----- SUPPLIED MATERIAL -----

(* (a) If $S$ is a discrete semigroup with $S^2\neq S$, then $\ell^1(S)$ is not super weakly amenable. (b) Let $S=\{t,0\}$ with multiplication $t0=0t=t^2=0^2=0$. Then $\ell^1(S)$ is semiweakly amenable but not super weakly amenable.
   Context: $\ell^1(S)$ is the semigroup algebra with convolution $\delta_s*\delta_u=\delta_{su}$; $S^2=\{su:s,u\in S\}$. $\mathcal A^*$ is the dual $\mathcal A$-bimodule ($\langle x,a\cdot f\rangle=\langle xa,f\rangle$, $\langle x,f\cdot a\rangle=\langle ax,f\rangle$). A derivation $D:\mathcal A\to X$ is a bounded linear map with $D(ab)=D(a)\cdot b+a\cdot D(b)$; it is inner if $D(a)=a\cdot x-x\cdot a$ for some $x\in X$. $\mathcal A$ is semiweakly amenable if every derivation $D:\mathcal A\to\mathcal A^*$ with $\langle D(a),b\rangle+\langle D(b),a\rangle=0$ for all $a,b$ is inner. For a continuous homomorphism $\varphi:\mathcal A\to\mathcal B$, $\mathcal B_\varphi$ is $\mathcal B$ with $a\cdot b=\varphi(a)b$, $b\cdot a=b\varphi(a)$, and $\mathcal B_\varphi^*$ its dual bimodule. $\mathcal A$ is super weakly amenable if for every Banach algebra $\mathcal B$, every continuous homomorphism $\varphi:\mathcal A\to\mathcal B$ and every derivation $d:\mathcal A\to\mathcal B_\varphi^*$, $\langle d(a),\varphi(b)\rangle+\langle d(b),\varphi(a)\rangle=0$ for all $a,b$. *)

From HB Require Import structures.
From mathcomp Require Import all_boot all_order all_algebra finmap.
From mathcomp Require Import complex.
From mathcomp Require Import all_classical all_reals topology normedtype.

Set Implicit Arguments.
Unset Strict Implicit.
Unset Printing Implicit Defensive.
Import Order.TTheory GRing.Theory Num.Theory.
Import numFieldNormedType.Exports.
Local Open Scope classical_set_scope.
Local Open Scope ring_scope.

HB.instance Definition _ (R : rcfType) := NormedModule.copy R[i] (R[i])^o.

Record semigroup := Semigroup {
  sg_car :> choiceType;
  sg_op : sg_car -> sg_car -> sg_car;
  sg_opA : associative sg_op }.

Definition sg_square (S : semigroup) : set S :=
  [set x | exists u v, sg_op u v = x].
Arguments sg_square : clear implicits.

Definition totally {I : choiceType} : set_system {fset I} :=
  filter_from setT (fun A => [set B | (A `<=` B)%fset]).

#[global] Instance totally_filter {I : choiceType} : ProperFilter (@totally I).
Proof.
eapply filter_from_proper; last by move=> A _; exists A; rewrite /= fsubset_refl.
apply: filter_fromT_filter; first by exists fset0.
by move=> A B /=; exists (A `|` B)%fset => P /=; rewrite fsubUset => /andP[].
Qed.

Section L1.
Variable R : realType.
Local Notation C := R[i].

Definition partial_sum {I : choiceType} (x : I -> C) (A : {fset I}) : C :=
  \sum_(i : A) x (val i).

Definition gsum {I : choiceType} (x : I -> C) : C :=
  lim (partial_sum x @ totally).

Definition l1 {I : choiceType} (a : I -> C) : Prop :=
  exists M : C, forall A : {fset I}, partial_sum (fun i => `|a i|) A <= M.

Definition l1norm {I : choiceType} (a : I -> C) : C := gsum (fun i => `|a i|).

(* convolution product of l^1(S): delta_s * delta_u = delta_(su) *)
Definition conv (S : semigroup) (a b : S -> C) : S -> C :=
  fun s => gsum (fun p : S * S => if sg_op p.1 p.2 == s then a p.1 * b p.2 else 0).

Record banach_algebra := BanachAlgebra {
  ba_car :> completeNormedModType C;
  ba_mul : ba_car -> ba_car -> ba_car;
  ba_mulA : associative ba_mul;
  ba_mulDl : forall x y z, ba_mul (x + y) z = ba_mul x z + ba_mul y z;
  ba_mulDr : forall x y z, ba_mul x (y + z) = ba_mul x y + ba_mul x z;
  ba_mulZl : forall (k : C) x y, ba_mul (k *: x) y = k *: ba_mul x y;
  ba_mulZr : forall (k : C) x y, ba_mul x (k *: y) = k *: ba_mul x y;
  ba_norm_mul : forall x y, `|ba_mul x y| <= `|x| * `|y| }.

Section Defs.
Variable S : semigroup.

Definition l1_cont_hom (B : banach_algebra) (phi : (S -> C) -> B) : Prop :=
  [/\ forall (k : C) a b, l1 a -> l1 b ->
        phi (fun s => k * a s + b s) = k *: phi a + phi b,
      forall a b, l1 a -> l1 b -> phi (conv a b) = ba_mul (phi a) (phi b) &
      exists M : C, forall a, l1 a -> `|phi a| <= M * l1norm a].

(* bounded derivation  d : l^1(S) -> B_phi^*,  where
   <x, a.f> = f (x phi(a)),  <x, f.a> = f (phi(a) x);
   d a is represented as the functional  x |-> <x, d a>  on B. *)
Definition l1_derivation_dual_phi (B : banach_algebra) (phi : (S -> C) -> B)
    (d : (S -> C) -> B -> C) : Prop :=
  [/\ forall a, l1 a -> forall (k : C) (x y : B), d a (k *: x + y) = k * d a x + d a y,
      forall (k : C) a b, l1 a -> l1 b -> forall x : B,
        d (fun s => k * a s + b s) x = k * d a x + d b x,
      exists M : C, forall a, l1 a -> forall x : B, `|d a x| <= M * l1norm a * `|x| &
      forall a b, l1 a -> l1 b -> forall x : B,
        d (conv a b) x = d a (ba_mul (phi b) x) + d b (ba_mul x (phi a))].

Definition l1_super_weakly_amenable : Prop :=
  forall (B : banach_algebra) (phi : (S -> C) -> B) (d : (S -> C) -> B -> C),
    l1_cont_hom phi -> l1_derivation_dual_phi phi d ->
    forall a b, l1 a -> l1 b -> d a (phi b) + d b (phi a) = 0.

Definition l1_dual_elt (f : (S -> C) -> C) : Prop :=
  (forall (k : C) a b, l1 a -> l1 b -> f (fun s => k * a s + b s) = k * f a + f b)
  /\ exists M : C, forall a, l1 a -> `|f a| <= M * l1norm a.

(* bounded derivation  D : l^1(S) -> l^1(S)^*  (dual bimodule):
   <x, a.f> = f (x a),  <x, f.a> = f (a x); D a is the functional x |-> <x, D a>. *)
Definition l1_derivation_dual (D : (S -> C) -> (S -> C) -> C) : Prop :=
  [/\ forall a, l1 a -> forall (k : C) x y, l1 x -> l1 y ->
        D a (fun s => k * x s + y s) = k * D a x + D a y,
      forall (k : C) a b, l1 a -> l1 b -> forall x, l1 x ->
        D (fun s => k * a s + b s) x = k * D a x + D b x,
      exists M : C, forall a x, l1 a -> l1 x -> `|D a x| <= M * l1norm a * l1norm x &
      forall a b x, l1 a -> l1 b -> l1 x ->
        D (conv a b) x = D a (conv b x) + D b (conv x a)].

Definition l1_semiweakly_amenable : Prop :=
  forall D : (S -> C) -> (S -> C) -> C,
    l1_derivation_dual D ->
    (forall a b, l1 a -> l1 b -> D a b + D b a = 0) ->
    exists f : (S -> C) -> C, l1_dual_elt f /\
      forall a x, l1 a -> l1 x -> D a x = f (conv x a) - f (conv a x).

End Defs.
End L1.

(* The semigroup S = {t, 0} with t0 = 0t = t^2 = 0^2 = 0;
   encoded on bool with t := true and 0 := false. *)
Definition tz_t : bool := true.
Definition tz_0 : bool := false.
Definition tz_op (x y : bool) : bool := tz_0.
Lemma tz_opA : associative tz_op. Proof. by []. Qed.
Definition tz_semigroup : semigroup := @Semigroup bool tz_op tz_opA.

From HB Require Import structures.
From mathcomp Require Import all_boot all_order all_algebra finmap.
From mathcomp Require Import complex.
From mathcomp Require Import all_classical all_reals topology normedtype.
From mathcomp Require Import lra.
Set Implicit Arguments.
Unset Strict Implicit.
Unset Printing Implicit Defensive.
Import Order.TTheory GRing.Theory Num.Theory.
Import numFieldNormedType.Exports.
Local Open Scope classical_set_scope.
Local Open Scope ring_scope.
Local Open Scope complex_scope.

(* (a) Pick s0 outside S^2. Every convolution product vanishes at s0, so
   phi a := a s0 is a homomorphism from l^1(S) into C with the zero product;
   as both module actions of that algebra on its dual vanish, d a x := a s0 x
   is a derivation, yet d(delta_s0)(phi delta_s0) = 1, so the symmetric sum
   at a = b = delta_s0 is 2, not 0.
   (b) On S = {t, 0}, delta_0 is an idempotent with
   delta_0 * x = x * delta_0 = (x t + x 0) delta_0. For a skew derivation D,
   D(delta_0) x = D(delta_0)(delta_0 * x) + D(delta_0)(x * delta_0) is a
   multiple of D(delta_0)(delta_0) = 0; skewness then kills D(delta_t) on
   delta_0 and on delta_t, so D = 0, which is inner. *)

Section ComplexComplete.
Variable R : realType.
Local Notation C := R[i].

Lemma ReB (x y : C) : complex.Re (x - y) = complex.Re x - complex.Re y.
Proof. by case: x y => [? ?] [? ?]. Qed.
(* Let $\mathbb Y=\mathbb R^m$, $g\colon\mathbb X\to\mathbb R^m$ twice continuously differentiable, $D\subset\mathbb R^m$ closed and polyhedral locally around $g(\bar x)$, $\Phi(x):=g(x)-D$, $(\bar x,0)\in\operatorname{gph}\Phi$, $u\in\mathbb S_{\mathbb X}$, and assume SOSCMS$(u)$: every $y^*\in\mathcal N_D(g(\bar x);\nabla g(\bar x)u)$ with $\nabla g(\bar x)^*y^*=0$ and $\nabla^2\langle y^*,g\rangle(\bar x)[u,u]\ge0$ satisfies $y^*=0$. Let $K:=\mathcal N_{\mathcal T_D(g(\bar x))}(\nabla g(\bar x)u)$, $\mathbf T(u):=\mathcal T_{\mathcal T_D(g(\bar x))}(\nabla g(\bar x)u)$, $w_s(u,v):=\nabla g(\bar x)s+\tfrac12\nabla^2g(\bar x)[u,u]-v$. Then: (i) For each $s\in\mathbb X$, $\nabla g(\bar x)^*y^*=0$, $\nabla^2\langle y^*,g\rangle(\bar x)(u)+\nabla g(\bar x)^*z^*=0$, $y^*\in\mathcal N_{\mathbf T(u)}(w_s(u,0))$, $z^*\in\mathcal T_{\mathcal N_{\mathbf T(u)}(w_s(u,0))}(y^* )$ imply $y^*=0$; and for all $x^*,s\in\mathbb X$, $y^*,z^*,v\in\mathbb R^m$ with $\langle y^*,v\rangle\ge0$, $x^*=\nabla^2\langle y^*,g\rangle(\bar x)(u)+\nabla g(\bar x)^*z^*$, $y^*\in\mathcal N_{\mathbf T(u)}(w_s(u,v))\cap\ker\nabla g(\bar x)^*$, $z^*\in\mathcal T_{\mathcal N_{\mathbf T(u)}(w_s(u,v))}(y^* )$, there is $\lambda\in K$ with $x^*=\nabla g(\bar x)^*\lambda$. (ii) $\nabla g(\bar x)^*y^*=0$, $\nabla^2\langle y^*,g\rangle(\bar x)(u)+\nabla g(\bar x)^*z^*=0$, $y^*\in K$, $z^*\in\mathcal T_K(y^* )$ imply $y^*=0$; and for all $x^*\in\mathbb X$ with $\langle x^*,u\rangle\ge0$ and $y^*,z^*\in\mathbb R^m$ with $x^*=\nabla^2\langle y^*,g\rangle(\bar x)(u)+\nabla g(\bar x)^*z^*$, $y^*\in K\cap\ker\nabla g(\bar x)^*$, $z^*\in\mathcal T_K(y^* )$, there is $\lambda\in K$ (hence $\lambda\in\mathcal N_D(g(\bar x))$) with $x^*=\nabla g(\bar x)^*\lambda$.
   Context: $D$ polyhedral locally around $y$: $D\cap V$ is a finite union of convex polyhedra for some neighbourhood $V$ of $y$. $\mathcal T_Q$ Bouligand tangent cone, $\mathcal N_Q$ limiting normal cone, $\mathcal N_D(y;w)$ directional limiting normal cone (limits of $\eta_k\in\widehat{\mathcal N}_D(y+t_kw_k)$ with $w_k\to w$, $t_k\searrow0$). $\nabla^2\langle y^*,g\rangle(\bar x)$ Hessian of $x\mapsto\langle y^*,g(x)\rangle$; $\nabla^2\langle y^*,g\rangle(\bar x)[u,u]=\langle u,\nabla^2\langle y^*,g\rangle(\bar x)u\rangle$; $\nabla^2g(\bar x)[u,u]=\sum_i\langle u,\nabla^2\langle e_i,g\rangle(\bar x)u\rangle e_i$. *)

From HB Require Import structures.
From mathcomp Require Import all_boot all_order all_algebra.
From mathcomp Require Import all_classical all_reals all_analysis.
Set Implicit Arguments. Unset Strict Implicit. Unset Printing Implicit Defensive.
Import Order.TTheory GRing.Theory Num.Theory.
Import numFieldNormedType.Exports.
Local Open Scope classical_set_scope.
Local Open Scope ring_scope.

Section Defs.
Variable R : realType.

Definition dotv (k : nat) (a b : 'rV[R]_k) : R := \sum_(i < k) a 0 i * b 0 i.

Definition ebasis (k : nat) (j : 'I_k) : 'rV[R]_k := delta_mx 0 j.

Definition tangent_cone (k : nat) (Q : set 'rV[R]_k) (x : 'rV[R]_k) : set 'rV[R]_k :=
  [set w | exists (t : nat -> R) (wk : nat -> 'rV[R]_k),
      [/\ (forall i, 0 < t i), t @ \oo --> (0:R), wk @ \oo --> w &
          forall i, Q (x + t i *: wk i)]].

(* regular (Frechet) normal cone; empty outside Q *)
Definition reg_normal (k : nat) (Q : set 'rV[R]_k) (x : 'rV[R]_k) : set 'rV[R]_k :=
  [set eta | Q x /\ forall eps : R, 0 < eps ->
      \forall x' \near x, Q x' -> dotv eta (x' - x) <= eps * `|x' - x|].

(* limiting (Mordukhovich) normal cone; empty outside Q *)
Definition lim_normal (k : nat) (Q : set 'rV[R]_k) (x : 'rV[R]_k) : set 'rV[R]_k :=
  [set eta | Q x /\ exists (xk etak : nat -> 'rV[R]_k),
      [/\ (forall i, Q (xk i)), xk @ \oo --> x, etak @ \oo --> eta &
          forall i, reg_normal Q (xk i) (etak i)]].

Definition dir_normal (k : nat) (Q : set 'rV[R]_k) (x w : 'rV[R]_k) : set 'rV[R]_k :=
  [set eta | exists (t : nat -> R) (wk etak : nat -> 'rV[R]_k),
      [/\ (forall i, 0 < t i), t @ \oo --> (0:R), wk @ \oo --> w,
          etak @ \oo --> eta &
          forall i, reg_normal Q (x + t i *: wk i) (etak i)]].

Definition polyhedron (k : nat) (P : set 'rV[R]_k) : Prop :=
  exists (p : nat) (a : 'I_p -> 'rV[R]_k) (b : 'I_p -> R),
    P = [set z | forall i, dotv (a i) z <= b i].

Definition locally_polyhedral (k : nat) (D : set 'rV[R]_k) (y : 'rV[R]_k) : Prop :=
  exists V : set 'rV[R]_k, nbhs y V /\
    exists (q : nat) (P : 'I_q -> set 'rV[R]_k),
      (forall i, polyhedron (P i)) /\ D `&` V = \bigcup_(i in [set: 'I_q]) P i.

Definition C2 (n m : nat) (g : 'rV[R]_n -> 'rV[R]_m) : Prop :=
  [/\ (forall x, differentiable g x),
      (forall v x, differentiable ('D_v g) x) &
      (forall v w, continuous ('D_w ('D_v g)))].

Definition jac (n m : nat) (g : 'rV[R]_n -> 'rV[R]_m) (xb s : 'rV[R]_n) : 'rV[R]_m :=
  'D_s g xb.

Definition jacT (n m : nat) (g : 'rV[R]_n -> 'rV[R]_m) (xb : 'rV[R]_n) (y : 'rV[R]_m)
  : 'rV[R]_n := \row_j dotv y ('D_(ebasis j) g xb).

Definition scal (n m : nat) (g : 'rV[R]_n -> 'rV[R]_m) (y : 'rV[R]_m) : 'rV[R]_n -> R :=
  fun x => dotv y (g x).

-----

Copy the lines of the data above exactly as written, beginning with the line containing "forall i, reg_normal Q (x +" and ending with the line containing "Definition locally_polyhedral (k", and leave out all other lines.

* [OUTPUT FOR THIS TASK]
          forall i, reg_normal Q (x + t i *: wk i) (etak i)]].

Definition polyhedron (k : nat) (P : set 'rV[R]_k) : Prop :=
  exists (p : nat) (a : 'I_p -> 'rV[R]_k) (b : 'I_p -> R),
    P = [set z | forall i, dotv (a i) z <= b i].

Definition locally_polyhedral (k : nat) (D : set 'rV[R]_k) (y : 'rV[R]_k) : Prop :=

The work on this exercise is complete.